Collected data entries:
________________________
(* Let $f\in{\rm elh}(\mathbb{C})$ be non-polynomial and $g\in{\rm elh}(\mathbb{C})$, suppose there is $h_1\in{\rm elh}(\mathbb{C})$ with $h_1\neq g$ and $f\circ h_1=f\circ g$, and let $t(z),h(z),L(w)$ be entire functions with $f(g(z)+we^{t(z)})=f(g(z))+e^{L(w)+h(z)}\sin\pi w$ for all $(z,w)\in\mathbb{C}^2$. Then for all $(z,w)\in\mathbb{C}^2$, $$(t'(z)-h'(z))f'(g(z)+we^{t(z)})+(g'(z)+wt'(z)e^{t(z)})f''(g(z)+we^{t(z)})=0.$$
   Context: ${\rm elh}(\mathbb{C})$ denotes the set of entire functions with nowhere vanishing derivative and derivative $1$ at $0$. *)

From Stdlib Require Import Reals.
From Coquelicot Require Import Coquelicot.
Open Scope C_scope.

Definition cderiv (f : C -> C) (z : C) (l : C) : Prop :=
  @is_derive C_AbsRing C_NormedModule f z l.

Definition entire (f : C -> C) : Prop := forall z : C, exists l : C, cderiv f z l.

Definition elh (f : C -> C) : Prop :=
  exists f' : C -> C, (forall z, cderiv f z (f' z)) /\
    (forall z, f' z <> 0) /\ f' 0 = 1.

Definition is_polynomial (f : C -> C) : Prop :=
  exists (n : nat) (a : nat -> C),
    forall z : C, f z = sum_n (fun k => a k * pow_n z k) n.

Definition cexp (z : C) : C :=
  (exp (Re z) * cos (Im z), exp (Re z) * sin (Im z))%R.

Definition csin (z : C) : C :=
  (cexp (Ci * z) - cexp (- (Ci * z))) / (2 * Ci).

(* Differentiate the functional equation in z: the factor e^{L(w)+h(z)} sin(pi w) reproduces
   itself times h'(z), and by the equation that product is f(g(z) + w e^{t(z)}) - f(g(z)).
   Differentiating the resulting identity in w yields e^{t(z)} times the claimed expression,
   and e^{t(z)} never vanishes. *)

From Stdlib Require Import Reals Lra.
From Coquelicot Require Import Coquelicot.

Open Scope R_scope.

Lemma derivable_pt_lim_0_bound (f : R -> R) (l : R) :
  derivable_pt_lim f 0 l -> forall e, 0 < e ->
  exists d, 0 < d /\ forall x, Rabs x < d -> Rabs (f x - f 0 - l * x) <= e * Rabs x.
Proof.
intros Hf e He. destruct (Hf e He) as [d Hd]. exists d. split; [apply cond_pos|].
intros x Hx. destruct (Req_dec x 0) as [->|Hx0].
- replace (f 0 - f 0 - l * 0) with 0 by ring. rewrite Rabs_R0. lra.
- specialize (Hd x Hx0 Hx). rewrite Rplus_0_l in Hd.
  replace ((f x - f 0) / x - l) with ((f x - f 0 - l * x) / x) in Hd by (field; exact Hx0).
  unfold Rdiv in Hd. rewrite Rabs_mult, Rabs_inv in Hd.
  assert (Hpos : 0 < Rabs x) by (apply Rabs_pos_lt; exact Hx0).
  apply Rmult_lt_compat_r with (r := Rabs x) in Hd; [|exact Hpos].
  rewrite Rmult_assoc, Rinv_l in Hd by lra. lra.
Qed.

Lemma exp_sin_cos_linear_approx (e : R) : 0 < e -> exists d, 0 < d /\
  forall a b, Rabs a < d -> Rabs b < d ->
  Rabs (exp a - 1 - a) <= e * Rabs a /\ Rabs (sin b - b) <= e * Rabs b /\
  Rabs (cos b - 1) <= e * Rabs b.
Proof.
intros He.
destruct (derivable_pt_lim_0_bound _ _ derivable_pt_lim_exp_0 e He) as [d1 [Hd1 Hexp]].
destruct (derivable_pt_lim_0_bound _ _ derivable_pt_lim_sin_0 e He) as [d2 [Hd2 Hsin]].
destruct (derivable_pt_lim_0_bound _ _ derivable_pt_lim_cos_0 e He) as [d3 [Hd3 Hcos]].
rewrite exp_0 in Hexp. rewrite sin_0 in Hsin. rewrite cos_0 in Hcos.
exists (Rmin d1 (Rmin d2 d3)).
split; [apply Rmin_pos; [|apply Rmin_pos]; assumption|].
intros a b Ha Hb.
pose proof (Rmin_l d1 (Rmin d2 d3)). pose proof (Rmin_r d1 (Rmin d2 d3)).
pose proof (Rmin_l d2 d3). pose proof (Rmin_r d2 d3).
specialize (Hexp a ltac:(lra)). specialize (Hsin b ltac:(lra)). specialize (Hcos b ltac:(lra)).
repeat split.
- replace (exp a - 1 - a) with (exp a - 1 - 1 * a) by ring. exact Hexp.
- replace (sin b - b) with (sin b - 0 - 1 * b) by ring. exact Hsin.
- replace (cos b - 1) with (cos b - 1 - 0 * b) by ring. exact Hcos.
Qed.

Open Scope C_scope.

Notation C_AbsRing_NormedModule := (AbsRing_NormedModule C_AbsRing).

Lemma Cmod_le_Rabs_sum (z : C) : (Cmod z <= Rabs (Re z) + Rabs (Im z))%R.
Proof.
destruct z as [a b]. change (Cmod (a, b) <= Rabs a + Rabs b)%R.
replace (a, b) with (RtoC a + (0, b)%R) by (unfold RtoC, Cplus; simpl; f_equal; ring).
eapply Rle_trans; [apply Cmod_triangle|]. rewrite Cmod_R. simpl.
unfold Cmod; simpl.
replace (0 * (0 * 1) + b * (b * 1))%R with (Rsqr b) by (unfold Rsqr; ring).
rewrite sqrt_Rsqr_abs. lra.
Qed.

Lemma Rabs_components_le_Cmod (a b : R) :
  (Rabs a <= Cmod (a, b))%R /\ (Rabs b <= Cmod (a, b))%R.
Proof.
pose proof (re_le_Cmod (a, b)). pose proof (Rmax_Cmod (a, b)).
pose proof (Rmax_r (Rabs a) (Rabs b)). simpl in *. lra.
Qed.

Lemma Cmult_eq_0_nonzero_l (a x : C) : a <> 0 -> a * x = 0 -> x = 0.
Proof. intros Ha Hax. replace x with (/ a * (a * x)) by (field; exact Ha). rewrite Hax. ring. Qed.

Lemma cexp_0 : cexp 0 = 1.
Proof. unfold cexp, RtoC; simpl. rewrite exp_0, cos_0, sin_0. f_equal; ring. Qed.

Lemma cexp_add (x y : C) : cexp (x + y) = cexp x * cexp y.
Proof.
destruct x as [a b], y as [c d]. unfold cexp, Cplus, Cmult; simpl.
rewrite exp_plus, cos_plus, sin_plus. f_equal; ring.
Qed.

Lemma cexp_neq0 (x : C) : cexp x <> 0.
Proof.
destruct x as [a b]. unfold cexp, RtoC; simpl. intros H. injection H. intros Hsin Hcos.
pose proof (exp_pos a). pose proof (sin2_cos2 b). unfold Rsqr in *.
apply Rmult_integral in Hsin. apply Rmult_integral in Hcos.
destruct Hsin as [|Hsin]; [lra|]. destruct Hcos as [|Hcos]; [lra|].
rewrite Hsin, Hcos in *. lra.
Qed.

(* [e <= 1/2] and [|a| <= e] keep [exp a] below 2, which absorbs the cross terms. *)
Lemma cexp_remainder_bound (a b e : R) :
  (0 < e <= 1/2)%R -> (Rabs a <= e)%R ->
  (Rabs (exp a - 1 - a) <= e * Rabs a)%R -> (Rabs (sin b - b) <= e * Rabs b)%R ->
  (Rabs (cos b - 1) <= e * Rabs b)%R ->
  (Cmod (cexp (a, b) - 1 - (a, b)) <= 7 * e * Cmod (a, b))%R.
Proof.
intros He Hae Hexp Hsin Hcos.
destruct (Rabs_components_le_Cmod a b) as [Ca Cb].
pose proof (Rabs_pos a). pose proof (Rabs_pos b).
eapply Rle_trans; [apply Cmod_le_Rabs_sum|].
unfold cexp, Cminus, Cplus, Copp, RtoC; simpl.
assert (Hexp1 : (Rabs (exp a - 1) <= (1 + e) * Rabs a)%R).
{ replace (exp a - 1)%R with ((exp a - 1 - a) + a)%R by ring.
  eapply Rle_trans; [apply Rabs_triang|]. lra. }
assert (Hexp2 : (Rabs (exp a) <= 2)%R).
{ replace (exp a) with ((exp a - 1) + 1)%R by ring.
  eapply Rle_trans; [apply Rabs_triang|]. rewrite Rabs_R1. nra. }
assert (Hsin2 : (Rabs (sin b) <= 2 * Rabs b)%R).
{ replace (sin b) with ((sin b - b) + b)%R by ring.
  eapply Rle_trans; [apply Rabs_triang|]. nra. }
assert (Hre : (Rabs (exp a * cos b + - (1) + - a) <= e * Rabs a + 2 * e * Rabs b)%R).
{ replace (exp a * cos b + - (1) + - a)%R with ((exp a - 1 - a) + exp a * (cos b - 1))%R by ring.
  eapply Rle_trans; [apply Rabs_triang|]. rewrite Rabs_mult.
  assert (Rabs (exp a) * Rabs (cos b - 1) <= 2 * (e * Rabs b))%R
    by (apply Rmult_le_compat; auto using Rabs_pos).
  lra. }
assert (Him : (Rabs (exp a * sin b + - 0 + - b) <= 4 * e * Rabs b)%R).
{ replace (exp a * sin b + - 0 + - b)%R with ((exp a - 1) * sin b + (sin b - b))%R by ring.
  eapply Rle_trans; [apply Rabs_triang|]. rewrite Rabs_mult.
  assert (Rabs (exp a - 1) * Rabs (sin b) <= ((1 + e) * Rabs a) * (2 * Rabs b))%R
    by (apply Rmult_le_compat; auto using Rabs_pos).
  assert ((1 + e) * Rabs a <= 3 / 2 * e)%R by nra.
  assert (((1 + e) * Rabs a) * (2 * Rabs b) <= (3 / 2 * e) * (2 * Rabs b))%R
    by (apply Rmult_le_compat_r; lra).
  lra. }
assert (e * Rabs a <= e * Cmod (a, b))%R by (apply Rmult_le_compat_l; lra).
assert (e * Rabs b <= e * Cmod (a, b))%R by (apply Rmult_le_compat_l; lra).
lra.
Qed.

Lemma cderiv_cexp_0 : cderiv cexp 0 1.
Proof.
split; [apply is_linear_scal_l|].
intros x Hx.
apply (@is_filter_lim_locally_unique C_AbsRing C_AbsRing_NormedModule) in Hx.
subst x. intros eps.
set (e := Rmin (eps / 7) (1 / 2)).
assert (He : (0 < e)%R) by (apply Rmin_pos; [pose proof (cond_pos eps)|]; lra).
assert (He7 : (e <= eps / 7)%R) by apply Rmin_l.
assert (He2 : (e <= 1 / 2)%R) by apply Rmin_r.
destruct (exp_sin_cos_linear_approx e He) as [d0 [Hd0 Happrox]].
assert (Hd : (0 < Rmin d0 e)%R) by (apply Rmin_pos; assumption).
exists (mkposreal _ Hd).
pose proof (Rmin_l d0 e). pose proof (Rmin_r d0 e). intros [a b] Hab.
change (Cmod ((a, b) - 0) < Rmin d0 e)%R in Hab.
change (Cmod ((cexp (a, b) - cexp 0) - ((a, b) - 0) * 1) <= eps * Cmod ((a, b) - 0))%R.
replace ((a, b) - 0) with (a, b) in * by (unfold Cminus, Cplus, Copp; simpl; f_equal; ring).
replace ((cexp (a, b) - cexp 0) - (a, b) * 1) with (cexp (a, b) - 1 - (a, b))
  by (rewrite cexp_0; ring).
destruct (Rabs_components_le_Cmod a b) as [Ca Cb].
destruct (Happrox a b ltac:(lra) ltac:(lra)) as [Hexp [Hsin Hcos]].
eapply Rle_trans; [apply (cexp_remainder_bound a b e); try split; (assumption || lra)|].
apply Rmult_le_compat_r; [apply Cmod_ge_0|lra].
Qed.

(* Coquelicot's product and chain rules are stated for [AbsRing_NormedModule K], whereas [cderiv]
   uses [C_NormedModule]; the two carry the same operations but are not convertible. *)
Lemma cderiv_is_derive (f : C -> C) (z l : C) :
  cderiv f z l <-> is_derive (K := C_AbsRing) (V := C_AbsRing_NormedModule) f z l.
Proof. split; intros [[] Hlim]; repeat split; assumption. Qed.

Lemma cderiv_unique (f : C -> C) (z a b : C) : cderiv f z a -> cderiv f z b -> a = b.
Proof.
intros Ha Hb. now rewrite <- (is_C_derive_unique _ _ _ Ha), (is_C_derive_unique _ _ _ Hb).
Qed.

Lemma cderiv_ext (f g : C -> C) (z l : C) : (forall x, f x = g x) -> cderiv f z l -> cderiv g z l.
Proof. intros Efg Hf. exact (is_derive_ext f g z l Efg Hf). Qed.

Lemma cderiv_const (c z : C) : cderiv (fun _ => c) z 0.
Proof. apply cderiv_is_derive. exact (is_derive_const (V := C_AbsRing_NormedModule) c z). Qed.

Lemma cderiv_id (z : C) : cderiv (fun x => x) z 1.
Proof. apply cderiv_is_derive. exact (is_derive_id (K := C_AbsRing) z). Qed.

Lemma cderiv_plus (f g : C -> C) (z a b : C) :
  cderiv f z a -> cderiv g z b -> cderiv (fun x => f x + g x) z (a + b).
Proof.
intros Ha%cderiv_is_derive Hb%cderiv_is_derive. apply cderiv_is_derive.
exact (is_derive_plus (V := C_AbsRing_NormedModule) f g z a b Ha Hb).
Qed.

Lemma cderiv_mult (f g : C -> C) (z a b : C) :
  cderiv f z a -> cderiv g z b -> cderiv (fun x => f x * g x) z (a * g z + f z * b).
Proof.
intros Ha%cderiv_is_derive Hb%cderiv_is_derive. apply cderiv_is_derive.
exact (is_derive_mult f g z a b Ha Hb Cmult_comm).
Qed.

Lemma cderiv_comp (f g : C -> C) (z a b : C) :
  cderiv f (g z) a -> cderiv g z b -> cderiv (fun x => f (g x)) z (b * a).
Proof.
intros Ha%cderiv_is_derive Hb%cderiv_is_derive. apply cderiv_is_derive.
exact (is_derive_comp (V := C_AbsRing_NormedModule) f g z a b Ha Hb).
Qed.

Lemma cderiv_eq (f : C -> C) (z a b : C) : cderiv f z a -> a = b -> cderiv f z b.
Proof. intros Hf <-. exact Hf. Qed.

Lemma cderiv_affine (a b z : C) : cderiv (fun x => a + x * b) z b.
Proof.
eapply cderiv_eq.
- apply cderiv_plus; [apply cderiv_const|].
  apply (cderiv_mult (fun x => x) (fun _ => b)); [apply cderiv_id | apply cderiv_const].
- ring.
Qed.

Lemma cderiv_cexp (z : C) : cderiv cexp z (cexp z).
Proof.
assert (Hat0 : cderiv cexp (- z + z * 1) 1)
  by (replace (- z + z * 1) with (RtoC 0) by ring; exact cderiv_cexp_0).
apply (cderiv_ext (fun x => cexp z * cexp (- z + x * 1))).
- intros x. rewrite <- cexp_add. f_equal. ring.
- eapply cderiv_eq.
  + apply (cderiv_mult (fun _ => cexp z) (fun x => cexp (- z + x * 1))); [apply cderiv_const|].
    exact (cderiv_comp cexp _ z _ _ Hat0 (cderiv_affine (- z) 1 z)).
  + ring.
Qed.

Lemma cderiv_cexp_comp (u u' : C -> C) (z : C) :
  cderiv u z (u' z) -> cderiv (fun x => cexp (u x)) z (u' z * cexp (u z)).
Proof. intros Hu. exact (cderiv_comp cexp u z _ _ (cderiv_cexp (u z)) Hu). Qed.

Section FunctionalEquation.

Variables (f f' f'' g g' t t' h h' L s : C -> C).
Hypothesis Hf' : forall z, cderiv f z (f' z).
Hypothesis Hf'' : forall z, cderiv f' z (f'' z).
Hypothesis Hg' : forall z, cderiv g z (g' z).
Hypothesis Ht' : forall z, cderiv t z (t' z).
Hypothesis Hh' : forall z, cderiv h z (h' z).
Hypothesis Hfun : forall z w : C,
  f (g z + w * cexp (t z)) = f (g z) + cexp (L w + h z) * s w.

Lemma functional_equation_deriv_z (z w : C) :
  f' (g z + w * cexp (t z)) * (g' z + w * t' z * cexp (t z))
  = f' (g z) * g' z + h' z * (f (g z + w * cexp (t z)) - f (g z)).
Proof.
assert (Harg : cderiv (fun x => g x + w * cexp (t x)) z (g' z + w * t' z * cexp (t z))).
{ eapply cderiv_eq.
  - apply cderiv_plus; [apply Hg'|].
    apply (cderiv_mult (fun _ => w) (fun x => cexp (t x))); [apply cderiv_const|].
    apply (cderiv_cexp_comp t t'), Ht'.
  - ring. }
assert (Hexp : cderiv (fun x => cexp (L w + h x)) z (h' z * cexp (L w + h z))).
{ eapply cderiv_eq.
  - apply (cderiv_cexp_comp (fun x => L w + h x) (fun x => 0 + h' x)).
    apply cderiv_plus; [apply cderiv_const | apply Hh'].
  - ring. }
assert (Hrhs : cderiv (fun x => f (g x) + cexp (L w + h x) * s w) z
  (f' (g z) * g' z + h' z * (cexp (L w + h z) * s w))).
{ eapply cderiv_eq.
  - apply cderiv_plus; [exact (cderiv_comp f g z _ _ (Hf' _) (Hg' z))|].
    exact (cderiv_mult _ _ z _ _ Hexp (cderiv_const (s w) z)).
  - cbv beta. ring. }
apply (cderiv_ext _ (fun x => f (g x + w * cexp (t x)))) in Hrhs;
  [|intros x; symmetry; apply Hfun].
pose proof (cderiv_unique _ _ _ _ (cderiv_comp f _ z _ _ (Hf' _) Harg) Hrhs) as Heq.
rewrite (Hfun z w). rewrite Cmult_comm, Heq. ring.
Qed.

Lemma functional_equation_deriv_zw (z w : C) :
  cexp (t z) * ((t' z - h' z) * f' (g z + w * cexp (t z))
    + (g' z + w * t' z * cexp (t z)) * f'' (g z + w * cexp (t z))) = 0.
Proof.
set (E := cexp (t z)).
pose proof (cderiv_affine (g z) E w) as Harg.
assert (Hlhs : cderiv (fun v => f' (g z + v * E) * (g' z + v * t' z * E)) w
  (E * f'' (g z + w * E) * (g' z + w * t' z * E) + f' (g z + w * E) * (t' z * E))).
{ eapply cderiv_eq.
  - apply (cderiv_mult (fun v => f' (g z + v * E)) (fun v => g' z + v * t' z * E)).
    + exact (cderiv_comp f' _ w _ _ (Hf'' _) Harg).
    + apply (cderiv_ext (fun v => g' z + v * (t' z * E)));
        [intros v; ring | apply cderiv_affine].
  - cbv beta. ring. }
assert (Hrhs : cderiv (fun v => (f' (g z) * g' z - h' z * f (g z)) + h' z * f (g z + v * E)) w
  (h' z * (E * f' (g z + w * E)))).
{ eapply cderiv_eq.
  - apply cderiv_plus; [apply cderiv_const|].
    apply (cderiv_mult (fun _ => h' z) (fun v => f (g z + v * E))); [apply cderiv_const|].
    exact (cderiv_comp f _ w _ _ (Hf' _) Harg).
  - cbv beta. ring. }
apply (cderiv_ext _ (fun v => f' (g z + v * E) * (g' z + v * t' z * E))) in Hrhs.
2:{ intros v. unfold E. rewrite (functional_equation_deriv_z z v). ring. }
pose proof (cderiv_unique _ _ _ _ Hlhs Hrhs) as Heq.
transitivity ((E * f'' (g z + w * E) * (g' z + w * t' z * E) + f' (g z + w * E) * (t' z * E))
  - h' z * (E * f' (g z + w * E))); [ring|].
rewrite Heq. ring.
Qed.

End FunctionalEquation.

Theorem proposition3p32
  (f g h1 t h L : C -> C)
  (Hf : elh f) (Hfnp : ~ is_polynomial f)
  (Hg : elh g)
  (Hh1 : elh h1) (Hh1g : h1 <> g) (Hfh1 : forall z, f (h1 z) = f (g z))
  (Ht : entire t) (Hh : entire h) (HL : entire L)
  (Hfun : forall z w : C,
      f (g z + w * cexp (t z)) =
      f (g z) + cexp (L w + h z) * csin (RtoC PI * w))
  (f' f'' g' t' h' : C -> C)
  (Hf' : forall z, cderiv f z (f' z))
  (Hf'' : forall z, cderiv f' z (f'' z))
  (Hg' : forall z, cderiv g z (g' z))
  (Ht' : forall z, cderiv t z (t' z))
  (Hh' : forall z, cderiv h z (h' z)) :
  forall z w : C,
    (t' z - h' z) * f' (g z + w * cexp (t z))
    + (g' z + w * t' z * cexp (t z)) * f'' (g z + w * cexp (t z)) = 0.
Proof.
intros z w.
apply (Cmult_eq_0_nonzero_l (cexp (t z))); [apply cexp_neq0|].
exact (functional_equation_deriv_zw f f' f'' g g' t t' h h' L (fun v => csin (RtoC PI * v))
  Hf' Hf'' Hg' Ht' Hh' Hfun z w).
Qed.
________________________
WORK ORDER:
Note each line above that holds "field", then copy all of them.

FINISHED EXERCISE:
  replace ((f x - f 0) / x - l) with ((f x - f 0 - l * x) / x) in Hd by (field; exact Hx0).
Proof. intros Ha Hax. replace x with (/ a * (a * x)) by (field; exact Ha). rewrite Hax. ring. Qed.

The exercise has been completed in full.